**Problem details**. Repeat the stretch of entries below from the line with "have A0 : 0 \notin A by case: finA." through the line with "Lemma monomial_equiv_trans M1". Include both ends and add nothing.

**Provided records**.

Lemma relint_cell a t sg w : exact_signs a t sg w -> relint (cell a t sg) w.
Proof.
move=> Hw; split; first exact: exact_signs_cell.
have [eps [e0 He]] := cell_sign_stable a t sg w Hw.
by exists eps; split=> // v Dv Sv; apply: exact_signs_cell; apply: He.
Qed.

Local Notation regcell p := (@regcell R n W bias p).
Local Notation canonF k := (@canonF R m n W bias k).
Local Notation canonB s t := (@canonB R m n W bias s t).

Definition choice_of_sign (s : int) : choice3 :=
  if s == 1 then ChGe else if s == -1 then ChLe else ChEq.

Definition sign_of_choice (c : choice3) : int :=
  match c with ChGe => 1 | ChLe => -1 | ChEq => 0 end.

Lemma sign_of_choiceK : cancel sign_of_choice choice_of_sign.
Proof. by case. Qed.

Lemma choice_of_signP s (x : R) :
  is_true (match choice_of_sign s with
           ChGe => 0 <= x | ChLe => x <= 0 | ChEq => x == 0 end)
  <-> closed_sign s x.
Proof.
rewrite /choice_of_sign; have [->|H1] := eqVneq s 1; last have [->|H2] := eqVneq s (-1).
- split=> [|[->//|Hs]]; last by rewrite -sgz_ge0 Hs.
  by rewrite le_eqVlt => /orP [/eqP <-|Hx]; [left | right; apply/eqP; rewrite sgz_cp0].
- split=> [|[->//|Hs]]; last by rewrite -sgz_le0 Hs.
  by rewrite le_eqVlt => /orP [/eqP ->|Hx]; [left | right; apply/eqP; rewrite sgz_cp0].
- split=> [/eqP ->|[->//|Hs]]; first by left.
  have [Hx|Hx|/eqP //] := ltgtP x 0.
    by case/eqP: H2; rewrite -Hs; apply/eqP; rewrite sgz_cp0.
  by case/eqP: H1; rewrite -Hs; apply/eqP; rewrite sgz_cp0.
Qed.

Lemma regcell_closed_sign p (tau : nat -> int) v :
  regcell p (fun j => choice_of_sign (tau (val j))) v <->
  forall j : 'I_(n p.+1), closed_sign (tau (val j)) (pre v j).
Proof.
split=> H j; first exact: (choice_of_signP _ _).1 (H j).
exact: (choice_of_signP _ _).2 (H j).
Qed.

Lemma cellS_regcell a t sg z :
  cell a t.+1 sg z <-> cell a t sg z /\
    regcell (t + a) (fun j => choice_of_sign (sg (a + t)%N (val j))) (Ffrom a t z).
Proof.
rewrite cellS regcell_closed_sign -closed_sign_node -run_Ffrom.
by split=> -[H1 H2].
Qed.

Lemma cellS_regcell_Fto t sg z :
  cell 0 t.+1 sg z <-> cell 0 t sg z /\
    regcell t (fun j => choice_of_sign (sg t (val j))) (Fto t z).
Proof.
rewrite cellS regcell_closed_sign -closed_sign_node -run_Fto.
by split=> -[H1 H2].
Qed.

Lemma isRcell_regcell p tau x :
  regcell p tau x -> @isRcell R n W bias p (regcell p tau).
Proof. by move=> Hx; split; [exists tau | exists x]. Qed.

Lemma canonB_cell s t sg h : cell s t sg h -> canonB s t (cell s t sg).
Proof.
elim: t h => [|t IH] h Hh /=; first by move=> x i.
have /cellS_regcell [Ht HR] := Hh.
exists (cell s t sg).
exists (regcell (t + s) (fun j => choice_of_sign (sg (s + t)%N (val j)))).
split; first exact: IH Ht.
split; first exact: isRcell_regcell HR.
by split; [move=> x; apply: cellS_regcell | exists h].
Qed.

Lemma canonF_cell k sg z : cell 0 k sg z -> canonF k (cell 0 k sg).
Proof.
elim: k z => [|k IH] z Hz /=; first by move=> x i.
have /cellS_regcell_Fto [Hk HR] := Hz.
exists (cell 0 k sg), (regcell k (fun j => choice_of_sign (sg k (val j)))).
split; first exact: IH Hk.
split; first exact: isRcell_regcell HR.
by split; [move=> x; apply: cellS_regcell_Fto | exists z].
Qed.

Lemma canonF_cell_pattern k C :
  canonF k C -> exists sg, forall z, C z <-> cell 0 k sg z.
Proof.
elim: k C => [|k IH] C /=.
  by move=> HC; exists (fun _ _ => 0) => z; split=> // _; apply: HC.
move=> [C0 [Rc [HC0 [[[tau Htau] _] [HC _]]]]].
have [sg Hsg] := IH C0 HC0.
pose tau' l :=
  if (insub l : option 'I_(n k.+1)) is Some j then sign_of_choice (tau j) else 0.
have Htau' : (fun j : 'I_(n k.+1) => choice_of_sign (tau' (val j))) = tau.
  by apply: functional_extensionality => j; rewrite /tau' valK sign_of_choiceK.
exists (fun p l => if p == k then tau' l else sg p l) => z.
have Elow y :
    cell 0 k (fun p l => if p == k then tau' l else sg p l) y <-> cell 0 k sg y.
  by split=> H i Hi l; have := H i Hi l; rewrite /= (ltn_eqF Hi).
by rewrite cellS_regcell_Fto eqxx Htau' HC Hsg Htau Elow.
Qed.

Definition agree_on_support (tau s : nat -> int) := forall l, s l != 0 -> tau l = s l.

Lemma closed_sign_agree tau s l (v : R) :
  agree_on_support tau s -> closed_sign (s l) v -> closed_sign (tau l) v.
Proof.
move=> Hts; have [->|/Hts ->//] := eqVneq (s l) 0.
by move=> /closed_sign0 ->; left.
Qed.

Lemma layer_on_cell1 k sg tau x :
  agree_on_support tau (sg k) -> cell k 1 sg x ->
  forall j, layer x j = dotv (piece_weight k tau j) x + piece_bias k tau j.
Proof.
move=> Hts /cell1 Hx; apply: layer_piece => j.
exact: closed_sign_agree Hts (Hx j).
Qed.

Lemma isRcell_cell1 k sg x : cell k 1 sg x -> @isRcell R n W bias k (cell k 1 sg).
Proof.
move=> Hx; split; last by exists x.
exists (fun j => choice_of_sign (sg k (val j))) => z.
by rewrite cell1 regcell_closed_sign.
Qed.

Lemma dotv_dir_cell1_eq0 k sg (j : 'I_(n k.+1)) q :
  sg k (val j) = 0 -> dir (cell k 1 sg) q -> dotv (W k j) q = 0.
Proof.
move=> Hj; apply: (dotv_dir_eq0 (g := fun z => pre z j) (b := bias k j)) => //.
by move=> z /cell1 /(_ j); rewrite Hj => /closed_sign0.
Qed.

...

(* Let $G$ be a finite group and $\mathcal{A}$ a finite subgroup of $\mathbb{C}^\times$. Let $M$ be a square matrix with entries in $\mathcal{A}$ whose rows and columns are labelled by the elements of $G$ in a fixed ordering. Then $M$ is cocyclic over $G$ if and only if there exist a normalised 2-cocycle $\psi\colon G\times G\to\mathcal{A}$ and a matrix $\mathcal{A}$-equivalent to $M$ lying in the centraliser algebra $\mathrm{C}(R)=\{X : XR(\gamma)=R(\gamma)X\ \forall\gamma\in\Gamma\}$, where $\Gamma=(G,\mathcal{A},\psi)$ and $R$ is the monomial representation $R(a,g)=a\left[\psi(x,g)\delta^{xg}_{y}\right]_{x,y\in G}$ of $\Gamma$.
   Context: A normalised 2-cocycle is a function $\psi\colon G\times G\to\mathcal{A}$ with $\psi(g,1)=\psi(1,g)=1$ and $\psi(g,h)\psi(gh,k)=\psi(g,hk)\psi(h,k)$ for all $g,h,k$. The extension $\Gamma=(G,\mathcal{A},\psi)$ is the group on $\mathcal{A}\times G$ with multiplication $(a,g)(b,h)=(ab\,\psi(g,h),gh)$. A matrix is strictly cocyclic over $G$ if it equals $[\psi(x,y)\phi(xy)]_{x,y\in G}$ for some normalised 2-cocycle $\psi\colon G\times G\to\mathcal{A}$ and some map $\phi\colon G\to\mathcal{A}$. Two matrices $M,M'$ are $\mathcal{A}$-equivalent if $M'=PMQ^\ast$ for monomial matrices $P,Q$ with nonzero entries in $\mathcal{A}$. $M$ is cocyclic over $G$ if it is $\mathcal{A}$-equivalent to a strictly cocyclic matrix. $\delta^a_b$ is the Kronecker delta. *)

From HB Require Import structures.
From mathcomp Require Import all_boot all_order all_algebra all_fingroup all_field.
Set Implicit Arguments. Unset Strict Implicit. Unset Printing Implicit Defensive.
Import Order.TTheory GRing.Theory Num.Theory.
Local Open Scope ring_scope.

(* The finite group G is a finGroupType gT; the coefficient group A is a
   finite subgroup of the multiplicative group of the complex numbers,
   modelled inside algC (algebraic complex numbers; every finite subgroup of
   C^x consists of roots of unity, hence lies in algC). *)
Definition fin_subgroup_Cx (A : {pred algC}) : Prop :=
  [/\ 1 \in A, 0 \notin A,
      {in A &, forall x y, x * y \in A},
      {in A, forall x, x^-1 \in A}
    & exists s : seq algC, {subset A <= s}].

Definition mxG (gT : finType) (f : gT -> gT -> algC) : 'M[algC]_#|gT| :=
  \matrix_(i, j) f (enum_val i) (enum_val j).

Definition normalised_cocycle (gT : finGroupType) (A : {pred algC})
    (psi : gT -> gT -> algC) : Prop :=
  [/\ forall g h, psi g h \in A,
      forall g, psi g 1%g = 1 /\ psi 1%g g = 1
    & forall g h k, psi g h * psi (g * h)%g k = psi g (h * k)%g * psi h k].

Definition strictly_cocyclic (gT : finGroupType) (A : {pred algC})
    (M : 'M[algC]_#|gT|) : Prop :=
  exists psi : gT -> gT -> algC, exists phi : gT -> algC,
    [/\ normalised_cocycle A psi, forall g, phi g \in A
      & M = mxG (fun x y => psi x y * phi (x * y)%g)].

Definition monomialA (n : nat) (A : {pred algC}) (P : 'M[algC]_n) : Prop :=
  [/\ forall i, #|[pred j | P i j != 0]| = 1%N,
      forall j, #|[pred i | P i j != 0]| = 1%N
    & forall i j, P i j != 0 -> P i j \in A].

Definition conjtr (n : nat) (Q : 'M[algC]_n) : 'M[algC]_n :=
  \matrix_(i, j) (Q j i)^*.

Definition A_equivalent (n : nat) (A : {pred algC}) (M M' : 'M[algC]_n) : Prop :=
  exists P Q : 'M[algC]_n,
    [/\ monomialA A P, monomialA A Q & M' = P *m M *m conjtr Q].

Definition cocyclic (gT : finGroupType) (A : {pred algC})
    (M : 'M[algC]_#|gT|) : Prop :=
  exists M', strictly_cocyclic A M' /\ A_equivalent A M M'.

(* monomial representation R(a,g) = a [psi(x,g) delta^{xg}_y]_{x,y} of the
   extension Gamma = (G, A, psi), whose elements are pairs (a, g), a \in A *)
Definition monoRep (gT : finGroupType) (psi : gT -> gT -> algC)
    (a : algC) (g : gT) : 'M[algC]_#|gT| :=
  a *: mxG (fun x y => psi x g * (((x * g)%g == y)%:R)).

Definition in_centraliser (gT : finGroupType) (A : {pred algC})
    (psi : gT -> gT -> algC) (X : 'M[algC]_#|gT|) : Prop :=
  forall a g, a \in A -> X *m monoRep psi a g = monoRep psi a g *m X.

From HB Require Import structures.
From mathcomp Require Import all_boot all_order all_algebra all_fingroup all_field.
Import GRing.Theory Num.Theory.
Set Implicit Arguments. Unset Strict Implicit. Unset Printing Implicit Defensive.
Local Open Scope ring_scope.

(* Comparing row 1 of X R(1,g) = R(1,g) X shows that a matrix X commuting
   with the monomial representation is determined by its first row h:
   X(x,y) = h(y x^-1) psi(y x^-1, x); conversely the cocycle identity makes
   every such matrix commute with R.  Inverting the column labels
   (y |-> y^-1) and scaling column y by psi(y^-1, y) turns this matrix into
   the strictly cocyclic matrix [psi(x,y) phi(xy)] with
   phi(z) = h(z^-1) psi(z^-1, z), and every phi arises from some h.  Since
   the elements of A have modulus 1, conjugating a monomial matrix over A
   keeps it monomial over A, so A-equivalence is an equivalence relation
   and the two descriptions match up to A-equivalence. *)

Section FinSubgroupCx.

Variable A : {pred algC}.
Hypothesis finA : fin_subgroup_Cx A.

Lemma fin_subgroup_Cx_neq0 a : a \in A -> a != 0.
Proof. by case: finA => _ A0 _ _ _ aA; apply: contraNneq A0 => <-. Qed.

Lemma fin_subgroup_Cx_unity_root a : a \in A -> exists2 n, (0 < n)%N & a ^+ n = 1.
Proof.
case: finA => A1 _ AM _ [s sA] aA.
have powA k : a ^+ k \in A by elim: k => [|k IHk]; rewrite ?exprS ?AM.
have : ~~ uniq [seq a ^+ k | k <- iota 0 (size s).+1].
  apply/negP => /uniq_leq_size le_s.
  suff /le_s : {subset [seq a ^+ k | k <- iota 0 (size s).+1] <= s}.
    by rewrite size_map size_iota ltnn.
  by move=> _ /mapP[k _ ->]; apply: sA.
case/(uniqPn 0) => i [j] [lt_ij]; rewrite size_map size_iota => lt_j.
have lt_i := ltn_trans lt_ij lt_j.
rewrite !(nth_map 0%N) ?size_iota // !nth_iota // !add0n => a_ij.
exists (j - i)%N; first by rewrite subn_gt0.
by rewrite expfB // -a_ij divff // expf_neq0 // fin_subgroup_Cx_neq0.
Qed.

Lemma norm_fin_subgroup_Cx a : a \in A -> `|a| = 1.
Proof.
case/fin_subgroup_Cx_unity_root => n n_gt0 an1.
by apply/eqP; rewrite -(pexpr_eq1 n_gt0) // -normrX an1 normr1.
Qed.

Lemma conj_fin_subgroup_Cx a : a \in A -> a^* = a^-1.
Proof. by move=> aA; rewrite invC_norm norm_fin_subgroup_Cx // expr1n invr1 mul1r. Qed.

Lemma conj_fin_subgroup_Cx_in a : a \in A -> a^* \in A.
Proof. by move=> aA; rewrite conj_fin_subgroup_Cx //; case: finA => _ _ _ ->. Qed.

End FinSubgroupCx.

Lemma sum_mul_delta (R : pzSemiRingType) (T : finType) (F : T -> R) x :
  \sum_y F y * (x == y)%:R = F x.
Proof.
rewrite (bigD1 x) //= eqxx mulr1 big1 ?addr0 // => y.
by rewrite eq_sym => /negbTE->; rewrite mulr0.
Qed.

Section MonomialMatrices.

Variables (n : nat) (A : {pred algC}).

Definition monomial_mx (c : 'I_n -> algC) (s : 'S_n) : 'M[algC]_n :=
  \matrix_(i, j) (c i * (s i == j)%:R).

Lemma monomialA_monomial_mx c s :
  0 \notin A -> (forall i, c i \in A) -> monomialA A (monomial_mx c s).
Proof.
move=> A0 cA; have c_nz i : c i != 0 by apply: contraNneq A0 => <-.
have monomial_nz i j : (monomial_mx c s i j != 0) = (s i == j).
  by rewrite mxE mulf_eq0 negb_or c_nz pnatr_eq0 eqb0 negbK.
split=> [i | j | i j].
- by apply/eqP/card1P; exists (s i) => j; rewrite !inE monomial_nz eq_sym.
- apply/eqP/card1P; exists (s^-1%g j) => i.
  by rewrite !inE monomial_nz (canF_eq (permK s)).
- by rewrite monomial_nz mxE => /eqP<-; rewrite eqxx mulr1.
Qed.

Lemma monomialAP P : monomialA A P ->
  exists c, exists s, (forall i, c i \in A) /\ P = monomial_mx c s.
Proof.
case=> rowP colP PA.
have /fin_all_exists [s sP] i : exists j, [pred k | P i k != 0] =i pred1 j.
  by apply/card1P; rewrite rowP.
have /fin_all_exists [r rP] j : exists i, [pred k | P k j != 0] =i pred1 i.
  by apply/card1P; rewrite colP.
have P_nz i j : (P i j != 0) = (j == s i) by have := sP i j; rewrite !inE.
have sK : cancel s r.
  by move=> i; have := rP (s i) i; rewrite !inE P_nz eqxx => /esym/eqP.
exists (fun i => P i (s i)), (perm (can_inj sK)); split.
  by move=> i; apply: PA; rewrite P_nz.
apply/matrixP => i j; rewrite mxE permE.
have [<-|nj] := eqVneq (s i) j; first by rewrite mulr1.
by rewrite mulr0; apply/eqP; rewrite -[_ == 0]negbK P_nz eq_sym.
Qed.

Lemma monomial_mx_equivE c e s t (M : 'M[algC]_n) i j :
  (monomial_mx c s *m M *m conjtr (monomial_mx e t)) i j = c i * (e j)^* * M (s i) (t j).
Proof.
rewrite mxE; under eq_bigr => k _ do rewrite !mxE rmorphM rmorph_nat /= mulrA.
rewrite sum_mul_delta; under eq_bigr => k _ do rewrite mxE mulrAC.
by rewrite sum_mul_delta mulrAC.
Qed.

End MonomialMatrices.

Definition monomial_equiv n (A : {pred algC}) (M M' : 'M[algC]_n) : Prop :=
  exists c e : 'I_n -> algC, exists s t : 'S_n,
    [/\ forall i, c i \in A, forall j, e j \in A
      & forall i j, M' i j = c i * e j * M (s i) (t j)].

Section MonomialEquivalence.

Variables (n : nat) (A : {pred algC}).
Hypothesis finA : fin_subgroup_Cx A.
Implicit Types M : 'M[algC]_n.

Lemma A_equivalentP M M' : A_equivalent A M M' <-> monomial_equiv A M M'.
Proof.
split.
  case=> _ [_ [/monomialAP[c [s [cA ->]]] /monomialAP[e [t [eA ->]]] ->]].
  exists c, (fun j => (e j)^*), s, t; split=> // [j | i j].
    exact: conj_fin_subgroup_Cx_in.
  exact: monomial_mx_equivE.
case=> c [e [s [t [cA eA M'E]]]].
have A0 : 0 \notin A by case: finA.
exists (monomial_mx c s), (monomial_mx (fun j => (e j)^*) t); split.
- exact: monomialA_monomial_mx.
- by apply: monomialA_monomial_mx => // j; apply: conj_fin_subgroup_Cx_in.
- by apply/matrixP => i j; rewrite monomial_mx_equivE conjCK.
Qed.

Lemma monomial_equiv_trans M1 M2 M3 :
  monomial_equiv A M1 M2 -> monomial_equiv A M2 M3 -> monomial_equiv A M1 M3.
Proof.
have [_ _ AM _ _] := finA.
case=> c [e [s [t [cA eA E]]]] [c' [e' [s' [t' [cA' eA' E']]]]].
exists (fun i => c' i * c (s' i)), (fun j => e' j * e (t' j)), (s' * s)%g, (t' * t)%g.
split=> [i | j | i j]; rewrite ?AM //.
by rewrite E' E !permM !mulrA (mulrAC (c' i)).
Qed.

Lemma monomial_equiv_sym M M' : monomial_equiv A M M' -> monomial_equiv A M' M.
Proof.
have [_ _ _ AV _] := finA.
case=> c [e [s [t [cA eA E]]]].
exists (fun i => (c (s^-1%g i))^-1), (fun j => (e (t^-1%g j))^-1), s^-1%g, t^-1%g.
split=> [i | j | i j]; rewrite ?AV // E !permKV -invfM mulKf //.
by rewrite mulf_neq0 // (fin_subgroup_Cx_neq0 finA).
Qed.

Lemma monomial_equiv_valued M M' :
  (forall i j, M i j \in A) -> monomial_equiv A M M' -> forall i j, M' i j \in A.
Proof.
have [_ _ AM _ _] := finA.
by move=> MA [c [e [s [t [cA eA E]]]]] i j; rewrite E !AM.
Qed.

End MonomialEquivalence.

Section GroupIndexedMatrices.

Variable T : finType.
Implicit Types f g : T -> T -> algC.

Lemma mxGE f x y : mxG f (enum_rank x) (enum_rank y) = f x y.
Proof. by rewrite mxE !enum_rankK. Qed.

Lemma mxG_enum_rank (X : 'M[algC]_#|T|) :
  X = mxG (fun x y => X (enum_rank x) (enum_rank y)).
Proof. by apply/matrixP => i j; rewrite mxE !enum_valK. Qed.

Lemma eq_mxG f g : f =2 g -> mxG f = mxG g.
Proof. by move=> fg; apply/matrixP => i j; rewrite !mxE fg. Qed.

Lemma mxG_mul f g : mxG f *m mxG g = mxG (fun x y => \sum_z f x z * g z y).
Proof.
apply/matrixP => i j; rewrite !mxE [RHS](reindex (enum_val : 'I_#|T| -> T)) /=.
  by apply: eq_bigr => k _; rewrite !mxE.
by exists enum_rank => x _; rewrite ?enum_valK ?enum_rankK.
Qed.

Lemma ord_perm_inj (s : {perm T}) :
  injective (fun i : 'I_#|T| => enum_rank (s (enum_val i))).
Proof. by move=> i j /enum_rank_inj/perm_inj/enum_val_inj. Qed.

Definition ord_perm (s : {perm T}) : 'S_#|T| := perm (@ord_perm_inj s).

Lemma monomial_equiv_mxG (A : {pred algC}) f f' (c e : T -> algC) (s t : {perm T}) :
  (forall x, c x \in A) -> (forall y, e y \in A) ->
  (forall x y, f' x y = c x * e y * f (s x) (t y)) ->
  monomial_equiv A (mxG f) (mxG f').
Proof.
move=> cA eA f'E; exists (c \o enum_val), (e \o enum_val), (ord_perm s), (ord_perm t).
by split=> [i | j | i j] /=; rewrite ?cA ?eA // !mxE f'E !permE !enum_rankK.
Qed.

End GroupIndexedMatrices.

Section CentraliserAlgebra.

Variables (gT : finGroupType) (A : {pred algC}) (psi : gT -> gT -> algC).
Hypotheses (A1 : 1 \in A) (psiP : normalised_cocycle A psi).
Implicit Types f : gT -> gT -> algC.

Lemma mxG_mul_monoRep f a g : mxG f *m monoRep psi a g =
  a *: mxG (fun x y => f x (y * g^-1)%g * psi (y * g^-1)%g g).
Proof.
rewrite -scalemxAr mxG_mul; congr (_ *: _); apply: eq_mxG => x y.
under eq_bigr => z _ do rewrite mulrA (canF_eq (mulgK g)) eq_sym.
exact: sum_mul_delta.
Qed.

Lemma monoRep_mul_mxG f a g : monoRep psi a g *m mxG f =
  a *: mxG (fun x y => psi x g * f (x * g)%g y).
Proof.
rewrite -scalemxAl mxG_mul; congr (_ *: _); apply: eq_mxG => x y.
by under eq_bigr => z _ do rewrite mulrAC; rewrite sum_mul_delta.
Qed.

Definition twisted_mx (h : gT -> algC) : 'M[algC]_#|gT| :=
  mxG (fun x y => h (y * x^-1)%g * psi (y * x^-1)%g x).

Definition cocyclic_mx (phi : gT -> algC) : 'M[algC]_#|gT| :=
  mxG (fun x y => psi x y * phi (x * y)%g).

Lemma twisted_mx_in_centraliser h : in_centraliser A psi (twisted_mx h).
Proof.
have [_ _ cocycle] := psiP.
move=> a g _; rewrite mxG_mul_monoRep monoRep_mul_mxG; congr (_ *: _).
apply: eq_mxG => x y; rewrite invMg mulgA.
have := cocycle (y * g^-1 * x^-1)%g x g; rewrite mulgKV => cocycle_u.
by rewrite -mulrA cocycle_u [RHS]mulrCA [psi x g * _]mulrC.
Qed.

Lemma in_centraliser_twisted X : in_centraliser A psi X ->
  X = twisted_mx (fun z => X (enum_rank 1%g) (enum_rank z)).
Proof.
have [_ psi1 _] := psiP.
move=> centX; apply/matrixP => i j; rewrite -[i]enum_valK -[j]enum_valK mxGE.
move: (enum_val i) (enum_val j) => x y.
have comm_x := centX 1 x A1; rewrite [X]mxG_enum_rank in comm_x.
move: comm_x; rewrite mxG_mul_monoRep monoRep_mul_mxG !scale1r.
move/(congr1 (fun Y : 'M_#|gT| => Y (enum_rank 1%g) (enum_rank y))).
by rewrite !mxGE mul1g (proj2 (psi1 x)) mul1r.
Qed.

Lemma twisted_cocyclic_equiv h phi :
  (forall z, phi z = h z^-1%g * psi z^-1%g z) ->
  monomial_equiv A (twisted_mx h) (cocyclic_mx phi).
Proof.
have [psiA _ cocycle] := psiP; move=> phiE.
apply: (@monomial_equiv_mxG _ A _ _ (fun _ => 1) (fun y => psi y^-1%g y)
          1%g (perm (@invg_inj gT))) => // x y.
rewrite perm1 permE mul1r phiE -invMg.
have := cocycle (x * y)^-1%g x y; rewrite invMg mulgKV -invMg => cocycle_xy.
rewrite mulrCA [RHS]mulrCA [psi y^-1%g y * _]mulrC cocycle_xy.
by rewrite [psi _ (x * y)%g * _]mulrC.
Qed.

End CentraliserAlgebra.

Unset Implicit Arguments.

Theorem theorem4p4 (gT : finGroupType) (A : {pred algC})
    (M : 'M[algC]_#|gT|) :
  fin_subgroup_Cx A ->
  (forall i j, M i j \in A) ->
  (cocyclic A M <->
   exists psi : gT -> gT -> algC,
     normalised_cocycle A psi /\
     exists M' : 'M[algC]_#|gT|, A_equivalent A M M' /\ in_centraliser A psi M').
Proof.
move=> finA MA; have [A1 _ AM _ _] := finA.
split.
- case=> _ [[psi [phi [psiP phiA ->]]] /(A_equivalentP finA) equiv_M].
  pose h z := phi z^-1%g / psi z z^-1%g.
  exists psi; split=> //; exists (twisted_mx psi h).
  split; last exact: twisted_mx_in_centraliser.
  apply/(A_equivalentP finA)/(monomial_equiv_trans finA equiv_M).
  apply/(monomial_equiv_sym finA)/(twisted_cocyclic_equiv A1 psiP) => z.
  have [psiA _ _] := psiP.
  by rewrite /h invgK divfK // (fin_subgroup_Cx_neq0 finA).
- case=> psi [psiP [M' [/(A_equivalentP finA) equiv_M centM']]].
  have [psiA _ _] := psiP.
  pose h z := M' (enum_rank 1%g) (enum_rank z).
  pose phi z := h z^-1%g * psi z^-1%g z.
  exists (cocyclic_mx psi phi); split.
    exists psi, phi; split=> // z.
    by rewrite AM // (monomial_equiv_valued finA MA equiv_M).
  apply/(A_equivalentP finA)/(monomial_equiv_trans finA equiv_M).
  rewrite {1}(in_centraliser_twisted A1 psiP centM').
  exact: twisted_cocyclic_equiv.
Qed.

**Written response**.
have A0 : 0 \notin A by case: finA.
exists (monomial_mx c s), (monomial_mx (fun j => (e j)^*) t); split.
- exact: monomialA_monomial_mx.
- by apply: monomialA_monomial_mx => // j; apply: conj_fin_subgroup_Cx_in.
- by apply/matrixP => i j; rewrite monomial_mx_equivE conjCK.
Qed.

Lemma monomial_equiv_trans M1 M2 M3 :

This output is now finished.